Exercise details →
Nothing outside the range below should be printed. Output exactly the lines from the line with "(u * / s) expo." to the line with "assert (Hrho : 0", both included.

Recorded data →
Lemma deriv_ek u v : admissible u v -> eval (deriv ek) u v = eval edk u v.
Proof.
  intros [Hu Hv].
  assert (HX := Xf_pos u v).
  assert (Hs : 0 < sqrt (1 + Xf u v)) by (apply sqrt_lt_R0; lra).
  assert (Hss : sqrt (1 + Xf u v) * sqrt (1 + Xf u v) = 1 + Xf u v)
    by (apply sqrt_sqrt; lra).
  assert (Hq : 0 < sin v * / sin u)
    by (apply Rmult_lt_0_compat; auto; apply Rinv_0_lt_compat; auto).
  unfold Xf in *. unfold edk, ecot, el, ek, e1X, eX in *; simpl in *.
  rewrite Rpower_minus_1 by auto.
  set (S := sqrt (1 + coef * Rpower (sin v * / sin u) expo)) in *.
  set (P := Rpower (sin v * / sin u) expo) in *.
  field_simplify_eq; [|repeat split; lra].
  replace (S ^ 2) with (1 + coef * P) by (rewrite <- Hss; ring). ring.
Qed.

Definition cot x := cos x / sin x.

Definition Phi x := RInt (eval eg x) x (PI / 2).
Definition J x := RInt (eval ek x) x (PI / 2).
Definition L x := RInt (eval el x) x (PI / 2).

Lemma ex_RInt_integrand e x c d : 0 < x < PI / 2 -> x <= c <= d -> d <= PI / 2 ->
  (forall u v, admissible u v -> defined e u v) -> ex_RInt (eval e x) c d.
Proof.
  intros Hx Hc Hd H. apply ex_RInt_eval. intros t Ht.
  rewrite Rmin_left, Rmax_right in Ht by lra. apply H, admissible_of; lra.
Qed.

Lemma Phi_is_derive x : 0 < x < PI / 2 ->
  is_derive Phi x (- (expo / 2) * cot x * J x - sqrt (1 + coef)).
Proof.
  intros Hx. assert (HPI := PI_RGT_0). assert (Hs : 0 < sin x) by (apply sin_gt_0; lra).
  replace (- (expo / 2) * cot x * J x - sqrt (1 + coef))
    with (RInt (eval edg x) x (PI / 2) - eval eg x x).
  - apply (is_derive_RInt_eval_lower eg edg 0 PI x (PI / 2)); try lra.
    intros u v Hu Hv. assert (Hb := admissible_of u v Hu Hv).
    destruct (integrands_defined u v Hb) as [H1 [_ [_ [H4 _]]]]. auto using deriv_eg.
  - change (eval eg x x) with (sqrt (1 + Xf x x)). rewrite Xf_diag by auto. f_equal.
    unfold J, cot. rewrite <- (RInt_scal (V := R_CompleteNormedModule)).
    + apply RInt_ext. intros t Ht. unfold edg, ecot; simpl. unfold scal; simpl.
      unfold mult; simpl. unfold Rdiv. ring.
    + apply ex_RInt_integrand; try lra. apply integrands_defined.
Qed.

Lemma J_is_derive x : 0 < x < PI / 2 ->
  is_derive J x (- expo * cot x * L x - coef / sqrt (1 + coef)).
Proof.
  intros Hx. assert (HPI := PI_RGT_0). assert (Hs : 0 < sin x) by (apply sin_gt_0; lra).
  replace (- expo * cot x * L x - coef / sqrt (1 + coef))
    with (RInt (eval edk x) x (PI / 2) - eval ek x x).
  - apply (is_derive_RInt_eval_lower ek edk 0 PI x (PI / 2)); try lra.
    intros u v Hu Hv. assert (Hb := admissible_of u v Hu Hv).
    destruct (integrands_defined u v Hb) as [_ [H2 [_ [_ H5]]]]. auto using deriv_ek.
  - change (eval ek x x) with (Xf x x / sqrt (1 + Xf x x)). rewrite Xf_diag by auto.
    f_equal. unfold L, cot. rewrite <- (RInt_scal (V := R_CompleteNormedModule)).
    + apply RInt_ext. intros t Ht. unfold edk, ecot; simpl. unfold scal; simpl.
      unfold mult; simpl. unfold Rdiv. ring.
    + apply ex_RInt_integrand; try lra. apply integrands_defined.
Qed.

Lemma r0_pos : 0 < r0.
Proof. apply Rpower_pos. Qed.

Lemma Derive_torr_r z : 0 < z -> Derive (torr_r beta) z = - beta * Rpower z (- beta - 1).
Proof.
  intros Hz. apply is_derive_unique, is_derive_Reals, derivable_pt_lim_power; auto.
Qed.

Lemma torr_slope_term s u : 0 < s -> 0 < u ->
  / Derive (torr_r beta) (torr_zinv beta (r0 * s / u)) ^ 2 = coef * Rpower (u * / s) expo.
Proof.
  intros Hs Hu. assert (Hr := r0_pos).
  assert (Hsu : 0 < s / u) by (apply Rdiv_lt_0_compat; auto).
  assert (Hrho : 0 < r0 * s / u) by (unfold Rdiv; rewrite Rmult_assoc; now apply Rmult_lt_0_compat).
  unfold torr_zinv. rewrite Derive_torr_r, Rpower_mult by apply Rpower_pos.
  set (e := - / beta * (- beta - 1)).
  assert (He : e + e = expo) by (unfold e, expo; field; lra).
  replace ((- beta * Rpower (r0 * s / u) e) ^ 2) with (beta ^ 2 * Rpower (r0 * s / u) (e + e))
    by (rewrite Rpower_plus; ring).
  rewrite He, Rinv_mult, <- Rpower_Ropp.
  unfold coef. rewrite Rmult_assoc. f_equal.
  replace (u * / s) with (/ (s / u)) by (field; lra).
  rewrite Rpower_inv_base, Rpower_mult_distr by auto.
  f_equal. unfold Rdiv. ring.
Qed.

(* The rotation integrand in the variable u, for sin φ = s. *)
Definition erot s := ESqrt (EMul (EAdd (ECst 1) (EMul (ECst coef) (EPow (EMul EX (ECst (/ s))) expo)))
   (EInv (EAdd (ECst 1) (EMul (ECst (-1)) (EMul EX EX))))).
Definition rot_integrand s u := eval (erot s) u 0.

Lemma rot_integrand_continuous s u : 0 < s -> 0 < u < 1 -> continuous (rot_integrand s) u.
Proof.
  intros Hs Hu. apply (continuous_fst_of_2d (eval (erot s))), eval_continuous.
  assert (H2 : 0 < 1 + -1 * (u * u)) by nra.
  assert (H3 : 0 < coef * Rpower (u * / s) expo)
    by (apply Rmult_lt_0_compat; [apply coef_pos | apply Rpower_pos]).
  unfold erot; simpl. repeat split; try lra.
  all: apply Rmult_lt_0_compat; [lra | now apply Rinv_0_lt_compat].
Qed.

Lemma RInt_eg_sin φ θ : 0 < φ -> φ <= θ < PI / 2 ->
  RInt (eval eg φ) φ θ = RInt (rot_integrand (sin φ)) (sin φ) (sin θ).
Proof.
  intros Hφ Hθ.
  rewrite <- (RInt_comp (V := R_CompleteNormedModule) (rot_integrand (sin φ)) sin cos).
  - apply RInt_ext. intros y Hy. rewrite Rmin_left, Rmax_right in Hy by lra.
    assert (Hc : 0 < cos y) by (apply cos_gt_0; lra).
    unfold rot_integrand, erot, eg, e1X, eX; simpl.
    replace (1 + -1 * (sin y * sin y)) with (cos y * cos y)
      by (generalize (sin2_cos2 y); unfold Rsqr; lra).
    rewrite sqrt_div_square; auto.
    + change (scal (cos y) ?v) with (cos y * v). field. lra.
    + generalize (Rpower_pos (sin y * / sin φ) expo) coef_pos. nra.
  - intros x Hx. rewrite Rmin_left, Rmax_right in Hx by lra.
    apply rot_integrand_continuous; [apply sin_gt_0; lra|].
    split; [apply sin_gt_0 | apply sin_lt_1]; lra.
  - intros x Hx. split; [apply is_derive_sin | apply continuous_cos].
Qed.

* * *

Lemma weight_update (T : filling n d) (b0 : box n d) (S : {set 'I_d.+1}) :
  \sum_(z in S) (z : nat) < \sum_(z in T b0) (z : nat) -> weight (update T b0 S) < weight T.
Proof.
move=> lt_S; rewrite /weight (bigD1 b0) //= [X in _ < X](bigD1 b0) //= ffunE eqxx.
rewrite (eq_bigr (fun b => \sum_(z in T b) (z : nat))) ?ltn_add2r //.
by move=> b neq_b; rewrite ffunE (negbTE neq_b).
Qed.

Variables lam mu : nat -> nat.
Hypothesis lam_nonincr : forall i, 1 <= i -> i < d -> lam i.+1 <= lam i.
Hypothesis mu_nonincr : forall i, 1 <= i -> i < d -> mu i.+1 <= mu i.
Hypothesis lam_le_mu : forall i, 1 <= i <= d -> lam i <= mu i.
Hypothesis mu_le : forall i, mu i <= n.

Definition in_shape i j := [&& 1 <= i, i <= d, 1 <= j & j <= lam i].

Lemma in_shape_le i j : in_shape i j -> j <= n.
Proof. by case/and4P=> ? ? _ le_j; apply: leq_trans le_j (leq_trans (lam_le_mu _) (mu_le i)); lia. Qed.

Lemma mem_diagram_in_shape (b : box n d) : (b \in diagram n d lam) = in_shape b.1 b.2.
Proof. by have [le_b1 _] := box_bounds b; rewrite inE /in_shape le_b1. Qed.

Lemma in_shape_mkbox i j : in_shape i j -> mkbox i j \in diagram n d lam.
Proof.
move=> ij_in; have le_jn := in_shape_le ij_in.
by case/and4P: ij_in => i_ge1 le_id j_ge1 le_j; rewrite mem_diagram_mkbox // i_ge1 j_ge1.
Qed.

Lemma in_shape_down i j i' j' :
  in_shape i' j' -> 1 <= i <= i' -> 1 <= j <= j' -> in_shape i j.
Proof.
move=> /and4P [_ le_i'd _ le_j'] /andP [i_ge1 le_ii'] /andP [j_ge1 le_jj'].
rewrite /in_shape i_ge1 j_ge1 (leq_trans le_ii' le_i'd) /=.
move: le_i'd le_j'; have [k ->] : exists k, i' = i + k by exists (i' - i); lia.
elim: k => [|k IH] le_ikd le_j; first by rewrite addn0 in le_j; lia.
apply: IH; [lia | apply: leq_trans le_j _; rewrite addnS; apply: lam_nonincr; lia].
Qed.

==

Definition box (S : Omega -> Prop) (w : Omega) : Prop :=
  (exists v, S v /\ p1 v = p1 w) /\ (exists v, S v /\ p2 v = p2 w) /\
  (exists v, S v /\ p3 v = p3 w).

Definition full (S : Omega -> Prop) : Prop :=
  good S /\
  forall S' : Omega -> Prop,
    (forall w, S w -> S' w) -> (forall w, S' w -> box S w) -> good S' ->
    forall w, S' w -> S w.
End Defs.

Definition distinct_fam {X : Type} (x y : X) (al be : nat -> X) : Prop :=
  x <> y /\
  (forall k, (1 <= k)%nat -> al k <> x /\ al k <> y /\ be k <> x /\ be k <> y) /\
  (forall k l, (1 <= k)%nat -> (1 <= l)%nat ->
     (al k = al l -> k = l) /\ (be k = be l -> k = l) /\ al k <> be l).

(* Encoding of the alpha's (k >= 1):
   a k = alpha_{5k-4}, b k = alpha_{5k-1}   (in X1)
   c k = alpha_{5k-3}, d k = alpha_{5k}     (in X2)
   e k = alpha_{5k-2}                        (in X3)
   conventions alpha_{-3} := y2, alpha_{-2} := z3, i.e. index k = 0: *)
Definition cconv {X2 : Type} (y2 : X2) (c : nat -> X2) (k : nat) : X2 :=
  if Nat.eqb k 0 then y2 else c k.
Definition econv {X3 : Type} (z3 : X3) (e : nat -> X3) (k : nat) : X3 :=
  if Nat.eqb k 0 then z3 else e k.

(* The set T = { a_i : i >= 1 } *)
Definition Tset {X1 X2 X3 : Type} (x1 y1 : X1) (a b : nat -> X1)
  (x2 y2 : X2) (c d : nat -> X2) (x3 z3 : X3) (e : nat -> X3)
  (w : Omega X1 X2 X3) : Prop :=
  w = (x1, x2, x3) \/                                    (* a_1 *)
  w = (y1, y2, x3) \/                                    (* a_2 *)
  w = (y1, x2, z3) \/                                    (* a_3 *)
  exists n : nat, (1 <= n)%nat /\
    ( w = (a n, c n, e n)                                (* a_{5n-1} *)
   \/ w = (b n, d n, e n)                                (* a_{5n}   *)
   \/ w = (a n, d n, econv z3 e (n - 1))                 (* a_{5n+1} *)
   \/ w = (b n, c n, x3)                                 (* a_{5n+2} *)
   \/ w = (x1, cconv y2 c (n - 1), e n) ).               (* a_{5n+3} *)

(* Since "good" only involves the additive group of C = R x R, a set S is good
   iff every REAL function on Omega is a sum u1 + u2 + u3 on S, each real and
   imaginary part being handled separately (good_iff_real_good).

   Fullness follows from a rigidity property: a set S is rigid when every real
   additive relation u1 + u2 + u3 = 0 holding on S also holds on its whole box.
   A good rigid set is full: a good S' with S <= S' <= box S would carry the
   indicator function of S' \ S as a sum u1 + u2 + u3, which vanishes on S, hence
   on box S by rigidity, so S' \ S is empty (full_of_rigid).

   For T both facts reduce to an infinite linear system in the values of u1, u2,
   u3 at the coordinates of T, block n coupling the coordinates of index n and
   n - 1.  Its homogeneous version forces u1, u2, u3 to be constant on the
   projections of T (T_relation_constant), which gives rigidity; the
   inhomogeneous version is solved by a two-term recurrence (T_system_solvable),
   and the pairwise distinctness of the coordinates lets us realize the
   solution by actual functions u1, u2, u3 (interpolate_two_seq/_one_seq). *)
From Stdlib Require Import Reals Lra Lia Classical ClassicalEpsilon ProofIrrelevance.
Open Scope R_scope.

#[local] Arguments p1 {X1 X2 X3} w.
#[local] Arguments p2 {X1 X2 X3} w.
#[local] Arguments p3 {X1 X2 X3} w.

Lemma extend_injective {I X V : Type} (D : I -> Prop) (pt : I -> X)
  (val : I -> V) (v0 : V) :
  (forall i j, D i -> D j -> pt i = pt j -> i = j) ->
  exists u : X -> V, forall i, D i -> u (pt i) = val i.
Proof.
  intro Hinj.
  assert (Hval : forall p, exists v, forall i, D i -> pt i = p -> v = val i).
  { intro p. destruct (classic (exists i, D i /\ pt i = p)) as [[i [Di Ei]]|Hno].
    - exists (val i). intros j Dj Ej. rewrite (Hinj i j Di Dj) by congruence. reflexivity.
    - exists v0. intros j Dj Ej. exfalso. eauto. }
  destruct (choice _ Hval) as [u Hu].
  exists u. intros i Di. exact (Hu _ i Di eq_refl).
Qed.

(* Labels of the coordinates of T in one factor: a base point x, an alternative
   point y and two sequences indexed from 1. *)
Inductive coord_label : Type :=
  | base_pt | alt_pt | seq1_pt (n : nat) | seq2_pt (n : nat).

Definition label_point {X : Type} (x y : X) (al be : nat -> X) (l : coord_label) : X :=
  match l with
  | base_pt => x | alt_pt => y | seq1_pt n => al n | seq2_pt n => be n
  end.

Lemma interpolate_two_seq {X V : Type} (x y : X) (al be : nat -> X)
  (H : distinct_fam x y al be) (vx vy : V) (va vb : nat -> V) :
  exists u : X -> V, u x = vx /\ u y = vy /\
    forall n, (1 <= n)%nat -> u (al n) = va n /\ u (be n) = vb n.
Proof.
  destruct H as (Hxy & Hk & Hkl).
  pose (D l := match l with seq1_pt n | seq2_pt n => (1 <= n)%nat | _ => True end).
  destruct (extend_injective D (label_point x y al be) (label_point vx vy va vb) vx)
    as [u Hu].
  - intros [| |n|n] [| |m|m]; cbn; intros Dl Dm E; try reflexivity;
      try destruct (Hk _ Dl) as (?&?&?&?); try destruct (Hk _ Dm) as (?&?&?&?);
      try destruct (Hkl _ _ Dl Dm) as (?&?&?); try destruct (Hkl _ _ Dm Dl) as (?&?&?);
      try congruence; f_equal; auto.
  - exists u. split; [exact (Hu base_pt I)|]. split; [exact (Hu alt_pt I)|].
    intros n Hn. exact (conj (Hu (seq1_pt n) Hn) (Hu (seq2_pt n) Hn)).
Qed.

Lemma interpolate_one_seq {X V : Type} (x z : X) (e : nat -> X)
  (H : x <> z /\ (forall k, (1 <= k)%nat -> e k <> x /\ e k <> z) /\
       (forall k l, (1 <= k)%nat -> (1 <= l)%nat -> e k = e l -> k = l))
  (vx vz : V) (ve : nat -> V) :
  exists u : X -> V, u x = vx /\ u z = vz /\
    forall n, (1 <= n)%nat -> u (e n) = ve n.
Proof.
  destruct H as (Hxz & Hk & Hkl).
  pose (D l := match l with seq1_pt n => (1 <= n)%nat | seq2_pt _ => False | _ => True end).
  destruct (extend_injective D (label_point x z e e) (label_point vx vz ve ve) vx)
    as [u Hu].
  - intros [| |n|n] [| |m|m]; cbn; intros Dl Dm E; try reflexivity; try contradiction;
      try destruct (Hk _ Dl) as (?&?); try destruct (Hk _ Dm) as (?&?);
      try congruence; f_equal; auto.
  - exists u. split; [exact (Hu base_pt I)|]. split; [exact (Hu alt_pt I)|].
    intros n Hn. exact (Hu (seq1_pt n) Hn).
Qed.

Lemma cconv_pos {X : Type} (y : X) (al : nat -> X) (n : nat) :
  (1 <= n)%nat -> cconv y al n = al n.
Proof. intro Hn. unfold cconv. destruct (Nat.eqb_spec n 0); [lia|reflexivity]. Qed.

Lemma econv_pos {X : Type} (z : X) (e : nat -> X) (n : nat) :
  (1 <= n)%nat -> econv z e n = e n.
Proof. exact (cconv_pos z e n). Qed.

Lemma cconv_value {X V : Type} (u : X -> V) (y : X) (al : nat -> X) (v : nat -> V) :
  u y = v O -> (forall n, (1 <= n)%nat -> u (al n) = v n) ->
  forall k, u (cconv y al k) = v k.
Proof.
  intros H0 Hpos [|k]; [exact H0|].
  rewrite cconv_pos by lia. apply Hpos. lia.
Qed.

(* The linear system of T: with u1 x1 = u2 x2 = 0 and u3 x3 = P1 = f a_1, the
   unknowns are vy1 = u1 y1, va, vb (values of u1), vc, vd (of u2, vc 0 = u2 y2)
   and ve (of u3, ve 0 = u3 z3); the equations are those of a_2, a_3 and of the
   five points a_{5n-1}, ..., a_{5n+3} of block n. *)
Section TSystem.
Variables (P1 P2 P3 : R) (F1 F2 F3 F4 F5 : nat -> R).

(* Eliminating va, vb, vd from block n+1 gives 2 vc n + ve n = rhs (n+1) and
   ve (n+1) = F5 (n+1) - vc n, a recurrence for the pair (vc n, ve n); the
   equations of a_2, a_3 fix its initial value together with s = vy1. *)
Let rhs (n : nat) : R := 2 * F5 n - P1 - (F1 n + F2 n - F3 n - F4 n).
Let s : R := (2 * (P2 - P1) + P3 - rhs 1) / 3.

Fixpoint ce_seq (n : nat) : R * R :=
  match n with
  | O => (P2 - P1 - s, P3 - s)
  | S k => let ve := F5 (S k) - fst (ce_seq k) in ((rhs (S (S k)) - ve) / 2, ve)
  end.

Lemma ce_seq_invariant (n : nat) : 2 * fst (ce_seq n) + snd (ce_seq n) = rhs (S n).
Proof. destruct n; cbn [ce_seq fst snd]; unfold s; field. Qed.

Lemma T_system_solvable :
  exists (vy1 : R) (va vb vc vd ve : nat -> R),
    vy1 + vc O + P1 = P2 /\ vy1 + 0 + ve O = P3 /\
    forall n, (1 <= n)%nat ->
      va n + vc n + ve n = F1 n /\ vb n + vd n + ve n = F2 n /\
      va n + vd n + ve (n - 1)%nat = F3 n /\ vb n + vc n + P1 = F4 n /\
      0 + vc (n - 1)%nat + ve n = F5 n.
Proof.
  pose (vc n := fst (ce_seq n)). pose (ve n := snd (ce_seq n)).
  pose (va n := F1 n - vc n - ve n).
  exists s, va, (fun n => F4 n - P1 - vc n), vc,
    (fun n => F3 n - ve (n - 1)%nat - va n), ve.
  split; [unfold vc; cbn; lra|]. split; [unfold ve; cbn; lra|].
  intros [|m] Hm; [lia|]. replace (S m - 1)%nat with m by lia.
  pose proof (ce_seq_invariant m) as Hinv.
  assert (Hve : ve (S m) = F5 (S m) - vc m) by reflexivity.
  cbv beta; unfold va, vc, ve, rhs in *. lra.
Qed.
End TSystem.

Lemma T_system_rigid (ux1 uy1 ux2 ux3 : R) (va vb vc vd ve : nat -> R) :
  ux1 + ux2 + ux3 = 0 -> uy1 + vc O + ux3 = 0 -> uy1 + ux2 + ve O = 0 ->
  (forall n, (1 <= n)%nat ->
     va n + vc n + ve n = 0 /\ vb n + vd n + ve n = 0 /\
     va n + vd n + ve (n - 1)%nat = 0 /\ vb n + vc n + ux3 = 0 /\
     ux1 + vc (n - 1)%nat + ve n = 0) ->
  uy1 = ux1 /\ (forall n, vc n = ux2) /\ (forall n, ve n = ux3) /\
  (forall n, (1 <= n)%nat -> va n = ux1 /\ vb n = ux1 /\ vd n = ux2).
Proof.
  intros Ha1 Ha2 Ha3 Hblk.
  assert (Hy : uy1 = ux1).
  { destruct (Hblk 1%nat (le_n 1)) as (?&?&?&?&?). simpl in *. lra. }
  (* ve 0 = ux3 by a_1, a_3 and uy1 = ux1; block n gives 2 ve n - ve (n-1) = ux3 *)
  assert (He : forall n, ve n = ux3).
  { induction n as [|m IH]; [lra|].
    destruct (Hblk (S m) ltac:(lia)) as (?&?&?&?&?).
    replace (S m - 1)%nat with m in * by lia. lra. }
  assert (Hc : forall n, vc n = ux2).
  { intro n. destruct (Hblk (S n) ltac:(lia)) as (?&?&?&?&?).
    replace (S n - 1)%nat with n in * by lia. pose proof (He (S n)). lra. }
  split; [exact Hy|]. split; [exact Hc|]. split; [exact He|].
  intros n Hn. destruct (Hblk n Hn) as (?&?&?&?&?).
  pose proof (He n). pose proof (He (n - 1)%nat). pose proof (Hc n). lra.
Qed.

Finished task →
  / Derive (torr_r beta) (torr_zinv beta (r0 * s / u)) ^ 2 = coef * Rpower (u * / s) expo.
Proof.
  intros Hs Hu. assert (Hr := r0_pos).
  assert (Hsu : 0 < s / u) by (apply Rdiv_lt_0_compat; auto).
  assert (Hrho : 0 < r0 * s / u) by (unfold Rdiv; rewrite Rmult_assoc; now apply Rmult_lt_0_compat).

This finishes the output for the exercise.